Fig. 3: Features of enhancer co-activity.
figure 3

a Number of distinct TFs with binding sites (ReMap data) in both enhancers of an enhancer-enhancer pair (shared TFs), depending on their association significance. Two-tailed Wilcoxon test p-value < 2.2e−308. The length of the box corresponds to the IQR with the centre line corresponding to the median, the upper and lower whiskers represent the largest or lowest value no further than 1.5 × IQR from the third and first quartile, respectively. Values above the median line represent the mean; b Number of shared TFs per enhancer-enhancer correlation coefficient (N = 126,830); c Number of enhancer combinations observed in at least one cell (y-axis) per gene LOEUF score (x-axis) (N = 6895); d Number of enhancers within 1 Mb of the gene TSS (regardless of gene-enhancer association significance) per gene LOEUF score (N = 6895). Fit lines represent a linear regression model.
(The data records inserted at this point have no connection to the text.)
(* Let $\mathbf{A}$ be an additive category, let $T: \mathbf{A} \times \mathbf{A} \to \mathcal{A}(\mathbf{A})$ be a bilinear functor with extension $\otimes := \widehat{T}$, let $\mathrm{Ass}_{a,b,c}: a\otimes(b\otimes c) \xrightarrow{\sim} (a\otimes b)\otimes c$ be an isomorphism natural in $a,b,c\in\mathbf{A}$, let $1 \in \mathcal{A}(\mathbf{A})$, and let $\lambda_a: 1\otimes a \xrightarrow{\sim} a$, $\varrho_a: a\otimes 1 \xrightarrow{\sim} a$ be isomorphisms natural in $a\in\mathbf{A}$. Denote the extensions by $\widehat{\mathrm{Ass}}$, $\widehat\lambda$, $\widehat\varrho$. Then $\widehat\lambda$ and $\widehat\varrho$ satisfy the triangle identity \[ (\widehat\varrho_A \otimes \mathrm{id}_B) \circ \widehat{\mathrm{Ass}}_{A,1,B} = \mathrm{id}_A \otimes \widehat\lambda_B : A\otimes(1\otimes B) \to A\otimes B \] for all $A,B\in\mathcal{A}(\mathbf{A})$ if and only if this identity holds for all $A, B \in \mathbf{A}$.
   Context: The Freyd category $\mathcal{A}(\mathbf{A})$: objects are morphisms $\rho_a: r_a \to a$ of $\mathbf{A}$, written $(a \xleftarrow{\rho_a} r_a)$; morphisms $(a \xleftarrow{\rho_a} r_a) \to (b \xleftarrow{\rho_b} r_b)$ are morphisms $\alpha: a\to b$ of $\mathbf{A}$ with $\alpha\circ\rho_a = \rho_b\circ\omega$ for some $\omega$, modulo those of the form $\rho_b\circ\lambda$; it is additive with cokernels. Objects $a\in\mathbf{A}$ are regarded as $(a\leftarrow 0)\in\mathcal{A}(\mathbf{A})$ via the embedding $\mathrm{emb}$. For a multilinear (componentwise additive) $F: \prod_i \mathbf{A}_i \to \mathbf{B}$ into an additive category with cokernels, $\widehat F(A_1,\dots,A_n) = \operatorname{cok}\big(\bigoplus_j F(a_1,\dots,r_{a_j},\dots,a_n) \to F(a_1,\dots,a_n)\big)$ defines the right exact (componentwise cokernel-preserving) multilinear extension with $\widehat F\circ\mathrm{emb}\cong F$; restriction along $\mathrm{emb}$ is an equivalence between right exact multilinear functors on $\prod_i\mathcal{A}(\mathbf{A}_i)$ and multilinear functors on $\prod_i\mathbf{A}_i$. The extensions $\widehat{\mathrm{Ass}}$, $\widehat\lambda$, $\widehat\varrho$ are the unique natural transformations between the corresponding right exact multilinear functors on $\mathcal{A}(\mathbf{A})$ (namely $A\otimes(B\otimes C) \Rightarrow (A\otimes B)\otimes C$, $1\otimes A \Rightarrow A$, $A\otimes 1\Rightarrow A$) whose restrictions along $\mathrm{emb}$ are $\mathrm{Ass}$, $\lambda$, $\varrho$. *)

From mathcomp Require Import all_boot all_algebra.
Set Implicit Arguments.
Unset Strict Implicit.
Unset Printing Implicit Defensive.
Import GRing.Theory.
Local Open Scope ring_scope.

Record addCat := AddCat {
  Ob : Type;
  Hom : Ob -> Ob -> zmodType;
  idm : forall a, Hom a a;
  comp : forall a b c, Hom b c -> Hom a b -> Hom a c;
  compA : forall a b c d (f : Hom c d) (g : Hom b c) (h : Hom a b),
      comp f (comp g h) = comp (comp f g) h;
  comp1m : forall a b (f : Hom a b), comp (idm b) f = f;
  compm1 : forall a b (f : Hom a b), comp f (idm a) = f;
  compDl : forall a b c (f f' : Hom b c) (g : Hom a b),
      comp (f + f') g = comp f g + comp f' g;
  compDr : forall a b c (f : Hom b c) (g g' : Hom a b),
      comp f (g + g') = comp f g + comp f g';
  zobj : Ob;
  zobj_init : forall a (f : Hom zobj a), f = 0;
  zobj_term : forall a (f : Hom a zobj), f = 0;
  bip : Ob -> Ob -> Ob;
  bi1 : forall a b, Hom a (bip a b);
  bi2 : forall a b, Hom b (bip a b);
  bp1 : forall a b, Hom (bip a b) a;
  bp2 : forall a b, Hom (bip a b) b;
  bip_11 : forall a b, comp (bp1 a b) (bi1 a b) = idm a;
  bip_22 : forall a b, comp (bp2 a b) (bi2 a b) = idm b;
  bip_12 : forall a b, comp (bp1 a b) (bi2 a b) = 0;
  bip_21 : forall a b, comp (bp2 a b) (bi1 a b) = 0;
  bip_id : forall a b,
      comp (bi1 a b) (bp1 a b) + comp (bi2 a b) (bp2 a b) = idm (bip a b)
}.

Arguments Hom {A} : rename.
Arguments idm {A} : rename.
Arguments comp {A a b c} : rename.
Arguments zobj {A} : rename.

Section Freyd.
Variable A : addCat.

Lemma comp0l (a b c : Ob A) (g : Hom a b) : comp (0 : Hom b c) g = 0.
Proof.
apply: (addrI (comp (0 : Hom b c) g)).
by rewrite -compDl !addr0.
Qed.

Lemma comp0r (a b c : Ob A) (f : Hom b c) : comp f (0 : Hom a b) = 0.
Proof.
apply: (addrI (comp f (0 : Hom a b))).
by rewrite -compDr !addr0.
Qed.

(* Objects of the Freyd category: morphisms rho : r -> a of A. *)
Record fobj := FObj { fo : Ob A; fr : Ob A; frho : Hom fr fo }.

(* Morphisms: representatives alpha with alpha o rho_X = rho_Y o omega ... *)
Definition FHom (X Y : fobj) :=
  { al : Hom (fo X) (fo Y) |
    exists om : Hom (fr X) (fr Y), comp al (frho X) = comp (frho Y) om }.

(* ... modulo those of the form rho_Y o lambda. *)
Definition feq (X Y : fobj) (f g : FHom X Y) : Prop :=
  exists l : Hom (fo X) (fr Y), proj1_sig f - proj1_sig g = comp (frho Y) l.

Lemma fcomp_ok (X Y Z : fobj) (g : FHom Y Z) (f : FHom X Y) :
  exists om : Hom (fr X) (fr Z),
    comp (comp (proj1_sig g) (proj1_sig f)) (frho X) = comp (frho Z) om.
Proof.
case: g => g [w2 Hg]; case: f => f [w1 Hf] /=.
exists (comp w2 w1).
by rewrite -compA Hf compA Hg -compA.
Qed.

Definition fcomp (X Y Z : fobj) (g : FHom Y Z) (f : FHom X Y) : FHom X Z :=
  exist _ (comp (proj1_sig g) (proj1_sig f)) (fcomp_ok g f).

Lemma fid_ok (X : fobj) :
  exists om : Hom (fr X) (fr X), comp (idm (fo X)) (frho X) = comp (frho X) om.
Proof. by exists (idm (fr X)); rewrite comp1m compm1. Qed.

Definition fid (X : fobj) : FHom X X := exist _ (idm (fo X)) (fid_ok X).

Lemma fzero_ok (X Y : fobj) :
  exists om : Hom (fr X) (fr Y), comp (0 : Hom (fo X) (fo Y)) (frho X) = comp (frho Y) om.
Proof. by exists 0; rewrite comp0l comp0r. Qed.

Definition fzero (X Y : fobj) : FHom X Y := exist _ 0 (fzero_ok X Y).

Lemma fadd_ok (X Y : fobj) (f g : FHom X Y) :
  exists om : Hom (fr X) (fr Y),
    comp (proj1_sig f + proj1_sig g) (frho X) = comp (frho Y) om.
Proof.
case: f => f [w1 Hf]; case: g => g [w2 Hg] /=.
by exists (w1 + w2); rewrite compDl compDr Hf Hg.
Qed.

Definition fadd (X Y : fobj) (f g : FHom X Y) : FHom X Y :=
  exist _ (proj1_sig f + proj1_sig g) (fadd_ok f g).

Definition emb (a : Ob A) : fobj := FObj (0 : Hom (@zobj A) a).

Lemma embm_ok (a b : Ob A) (f : Hom a b) :
  exists om : Hom (fr (emb a)) (fr (emb b)),
    comp f (frho (emb a)) = comp (frho (emb b)) om.
Proof. by exists 0; rewrite /= comp0l comp0r. Qed.

Definition embm (a b : Ob A) (f : Hom a b) : FHom (emb a) (emb b) :=
  exist _ f (embm_ok f).

Definition fiso (X Y : fobj) (f : FHom X Y) : Prop :=
  exists g : FHom Y X, feq (fcomp g f) (fid X) /\ feq (fcomp f g) (fid Y).

Definition is_cokernel (X Y C : fobj) (f : FHom X Y) (c : FHom Y C) : Prop :=
  feq (fcomp c f) (fzero X C) /\
  forall (Z : fobj) (g : FHom Y Z), feq (fcomp g f) (fzero X Z) ->
    exists h : FHom C Z, feq (fcomp h c) g /\
      forall h' : FHom C Z, feq (fcomp h' c) g -> feq h' h.

Record bifunA := BifunA {
  T_ob : Ob A -> Ob A -> fobj;
  T_mor : forall a a' b b', Hom a a' -> Hom b b' -> FHom (T_ob a b) (T_ob a' b')
}.

Definition bilinearA (T : bifunA) : Prop :=
  (forall a b, feq (T_mor T (idm a) (idm b)) (fid (T_ob T a b))) /\
  (forall a a' a'' b b' b'' (f : Hom a a') (f' : Hom a' a'')
          (g : Hom b b') (g' : Hom b' b''),
      feq (T_mor T (comp f' f) (comp g' g))
          (fcomp (T_mor T f' g') (T_mor T f g))) /\
  (forall a a' b b' (f f' : Hom a a') (g : Hom b b'),
      feq (T_mor T (f + f') g) (fadd (T_mor T f g) (T_mor T f' g))) /\
  (forall a a' b b' (f : Hom a a') (g g' : Hom b b'),
      feq (T_mor T f (g + g')) (fadd (T_mor T f g) (T_mor T f g'))).

Record fbifun := FBifun {
  E_ob : fobj -> fobj -> fobj;
  E_mor : forall X X' Y Y', FHom X X' -> FHom Y Y' ->
            FHom (E_ob X Y) (E_ob X' Y')
}.

Definition bilinearF (E : fbifun) : Prop :=
  (forall X X' Y Y' (f f' : FHom X X') (g g' : FHom Y Y'),
      feq f f' -> feq g g' -> feq (E_mor E f g) (E_mor E f' g')) /\
  (forall X Y, feq (E_mor E (fid X) (fid Y)) (fid (E_ob E X Y))) /\
  (forall X X' X'' Y Y' Y'' (f : FHom X X') (f' : FHom X' X'')
          (g : FHom Y Y') (g' : FHom Y' Y''),
      feq (E_mor E (fcomp f' f) (fcomp g' g))
          (fcomp (E_mor E f' g') (E_mor E f g))) /\
  (forall X X' Y Y' (f f' : FHom X X') (g : FHom Y Y'),
      feq (E_mor E (fadd f f') g) (fadd (E_mor E f g) (E_mor E f' g))) /\
  (forall X X' Y Y' (f : FHom X X') (g g' : FHom Y Y'),
      feq (E_mor E f (fadd g g')) (fadd (E_mor E f g) (E_mor E f g'))).

Definition right_exactF (E : fbifun) : Prop :=
  (forall (B X Y C : fobj) (f : FHom X Y) (c : FHom Y C),
      is_cokernel f c -> is_cokernel (E_mor E f (fid B)) (E_mor E c (fid B))) /\
  (forall (B X Y C : fobj) (f : FHom X Y) (c : FHom Y C),
      is_cokernel f c -> is_cokernel (E_mor E (fid B) f) (E_mor E (fid B) c)).

(* E is (a choice of) the right exact bilinear extension \widehat T of T:
   E is right exact, bilinear, and E o (emb x emb) is naturally isomorphic
   to T.  (Such E is unique up to natural isomorphism.) *)
Definition is_extension (T : bifunA) (E : fbifun) : Prop :=
  bilinearF E /\ right_exactF E /\
  exists phi : forall a b, FHom (E_ob E (emb a) (emb b)) (T_ob T a b),
    (forall a b, fiso (phi a b)) /\
    (forall a a' b b' (f : Hom a a') (g : Hom b b'),
        feq (fcomp (phi a' b') (E_mor E (embm f) (embm g)))
            (fcomp (T_mor T f g) (phi a b))).

Section Data.
Variable E : fbifun.
Local Notation "X ⊗ Y" := (E_ob E X Y) (at level 40, left associativity).
Local Notation "f ⊗m g" := (E_mor E f g) (at level 40, left associativity).

Definition assA_type :=
  forall a b c : Ob A, FHom (emb a ⊗ (emb b ⊗ emb c)) ((emb a ⊗ emb b) ⊗ emb c).

Definition nat_iso_assA (Ass : assA_type) : Prop :=
  (forall a b c, fiso (Ass a b c)) /\
  (forall a a' b b' c c' (f : Hom a a') (g : Hom b b') (h : Hom c c'),
     feq (fcomp (Ass a' b' c') (embm f ⊗m (embm g ⊗m embm h)))
         (fcomp ((embm f ⊗m embm g) ⊗m embm h) (Ass a b c))).

Definition lamA_type (one : fobj) := forall a : Ob A, FHom (one ⊗ emb a) (emb a).
Definition rhoA_type (one : fobj) := forall a : Ob A, FHom (emb a ⊗ one) (emb a).

Definition nat_iso_lamA (one : fobj) (lam : lamA_type one) : Prop :=
  (forall a, fiso (lam a)) /\
  (forall a a' (f : Hom a a'),
     feq (fcomp (lam a') (fid one ⊗m embm f)) (fcomp (embm f) (lam a))).

Definition nat_iso_rhoA (one : fobj) (rho : rhoA_type one) : Prop :=
  (forall a, fiso (rho a)) /\
  (forall a a' (f : Hom a a'),
     feq (fcomp (rho a') (embm f ⊗m fid one)) (fcomp (embm f) (rho a))).

Definition ass_type := forall X Y Z : fobj, FHom (X ⊗ (Y ⊗ Z)) ((X ⊗ Y) ⊗ Z).
Definition lam_type (one : fobj) := forall X : fobj, FHom (one ⊗ X) X.
Definition rho_type (one : fobj) := forall X : fobj, FHom (X ⊗ one) X.

Definition natural_ass (Ass : ass_type) : Prop :=
  forall X X' Y Y' Z Z' (f : FHom X X') (g : FHom Y Y') (h : FHom Z Z'),
    feq (fcomp (Ass X' Y' Z') (f ⊗m (g ⊗m h)))
        (fcomp ((f ⊗m g) ⊗m h) (Ass X Y Z)).

Definition natural_lam (one : fobj) (lam : lam_type one) : Prop :=
  forall X X' (f : FHom X X'),
    feq (fcomp (lam X') (fid one ⊗m f)) (fcomp f (lam X)).

Definition natural_rho (one : fobj) (rho : rho_type one) : Prop :=
  forall X X' (f : FHom X X'),
    feq (fcomp (rho X') (f ⊗m fid one)) (fcomp f (rho X)).

Definition is_ext_ass (Ass : assA_type) (Assh : ass_type) : Prop :=
  natural_ass Assh /\
  forall a b c, feq (Assh (emb a) (emb b) (emb c)) (Ass a b c).

Definition is_ext_lam (one : fobj) (lam : lamA_type one) (lamh : lam_type one)
  : Prop := natural_lam lamh /\ forall a, feq (lamh (emb a)) (lam a).

Definition is_ext_rho (one : fobj) (rho : rhoA_type one) (rhoh : rho_type one)
  : Prop := natural_rho rhoh /\ forall a, feq (rhoh (emb a)) (rho a).

Definition triangle (one : fobj) (Assh : ass_type) (lamh : lam_type one)
  (rhoh : rho_type one) (X Y : fobj) : Prop :=
  feq (fcomp (rhoh X ⊗m fid Y) (Assh X one Y)) (fid X ⊗m lamh Y).

End Data.
End Freyd.

From mathcomp Require Import all_boot all_algebra.
From Stdlib Require Import Setoid Morphisms.

(* Every object X of the Freyd category is the cokernel of emb (frho X), and a
   right exact bilinear functor turns such presentations into epimorphisms.
   Both sides of the triangle identity are natural transformations from
   X ⊗ (1 ⊗ Y) to X ⊗ Y, so by naturality they agree at (X, Y) after
   precomposition with the epimorphism obtained from the presentations of X
   and Y; there they agree by the identity on objects of A. *)

Set Implicit Arguments.
Unset Strict Implicit.
Unset Printing Implicit Defensive.
Import GRing.Theory.
Local Open Scope ring_scope.

Section FreydCategory.
Variable A : addCat.
Implicit Types X Y Z W : fobj A.

Lemma compNr (a b c : Ob A) (f : Hom b c) (g : Hom a b) :
  comp f (- g) = - comp f g.
Proof. by apply/eqP; rewrite -addr_eq0 -compDr addNr comp0r. Qed.

Lemma compBr (a b c : Ob A) (f : Hom b c) (g g' : Hom a b) :
  comp f (g - g') = comp f g - comp f g'.
Proof. by rewrite compDr compNr. Qed.

Lemma compBl (a b c : Ob A) (f f' : Hom b c) (g : Hom a b) :
  comp (f - f') g = comp f g - comp f' g.
Proof. by apply: (addIr (comp f' g)); rewrite -compDl !subrK. Qed.

Lemma val_feq X Y (f g : FHom X Y) : proj1_sig f = proj1_sig g -> feq f g.
Proof. by move=> e; exists 0; rewrite e subrr comp0r. Qed.

#[export] Instance feq_equiv X Y : Equivalence (@feq A X Y).
Proof.
split=> [f | f g [l e] | f g h [l1 e1] [l2 e2]]; first exact: val_feq.
  by exists (- l); rewrite compNr -e opprB.
by exists (l1 + l2); rewrite compDr -e1 -e2 addrA subrK.
Qed.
Previous studies demonstrated that the number and size of enhancers regulating a gene increases with the gene’s essentiality7. We explore this in the context of enhancer-enhancer associations using gnomAD LOEUF scores30. For this, we compared the number of significantly associated enhancers and gene essentiality (lower LOEUF scores indicate higher essentiality). We found that gene essentiality is negatively correlated with the number of (i) enhancer-enhancer combinations observed in at least one single cell (Spearman R = −0.26, p-value = 7.2e−103, Fig. 3c) and (ii) significant enhancer-enhancer pairs (Spearman R = −0.23, p-value = 1.2e−84, Supplementary Fig. 14a). This indicates that the more essential a gene is, the more enhancer combinations regulate it. Interestingly, the number of nearby enhancers (regardless of significance) did not correlate with gene essentiality (Spearman R = 0.02, p-value = 0.11, Fig. 3d), suggesting that only significantly associated enhancers and their combinations are relevant. Next, we considered enhancer-domain scores from Wang & Goldstein 20207, which reflect the redundancy of a gene’s non-coding regulatory architecture and correlate with gene essentiality. We found significant positive correlation between enhancer-domain scores (higher scores indicate higher redundancy) and the number of (i) enhancer combinations (Spearman R = 0.1, p-value = 1.1e−15) and (ii) significant enhancer pairs (Spearman R = 0.08, p-value = 1.0e−10, Supplementary Fig. 14b, c). A negative correlation was observed against the total number of nearby enhancers (Spearman R = −0.08, p-value = 5.5e−11, Supplementary Fig. 14d). Importantly, increased TF sharing in associated enhancer pairs and an increase in gene essentiality with higher number of enhancer pairs was also found when considering more stringent enhancer-enhancer association significance thresholds (e.g. correlation > 0.1, Supplementary Fig. 15, Supplementary Data 5), and when restricting maximum distance between gene and enhancers to 200 kb instead of 1 Mb (Supplementary Fig. 16). These results highlight the importance of robust gene expression regulation through shadow enhancers in essential genes.

Discussion

While much is known regarding transcription regulation and the potential for multiple (shadow) enhancers to regulate a certain gene7,8,9,31, it is currently unknown whether these multiple enhancers are active at the same time, as this information cannot be obtained from bulk tissue measurements. Our work proposes the use of multimodal single cell RNA-seq and ATAC-seq22 in the same cells to study the co-activity of enhancers in gene expression regulation. Indeed, by having information of enhancer and gene activity in the same single cell, we defined sets of enhancers active upon gene expression, and suggest that enhancer co-activity occurs pervasively across genes. Overall, we found that the set of enhancers that are active upon gene expression can be highly dynamic, with cells presenting disparate patterns of enhancer activity. It is likely that enhancer redundancy serves to drive stable and precise gene transcription, robust to genetic variation and environmental stress32. By finding higher numbers of co-active enhancers in essential genes – as well as extensive sharing of transcription factor binding in co-active enhancers – our study corroborates this role of enhancer redundancy. Indeed, we complement previous studies which found a relationship between the number of conserved nucleotides in enhancers and gene essentiality7 by showing that this extends to co-active enhancer combinations.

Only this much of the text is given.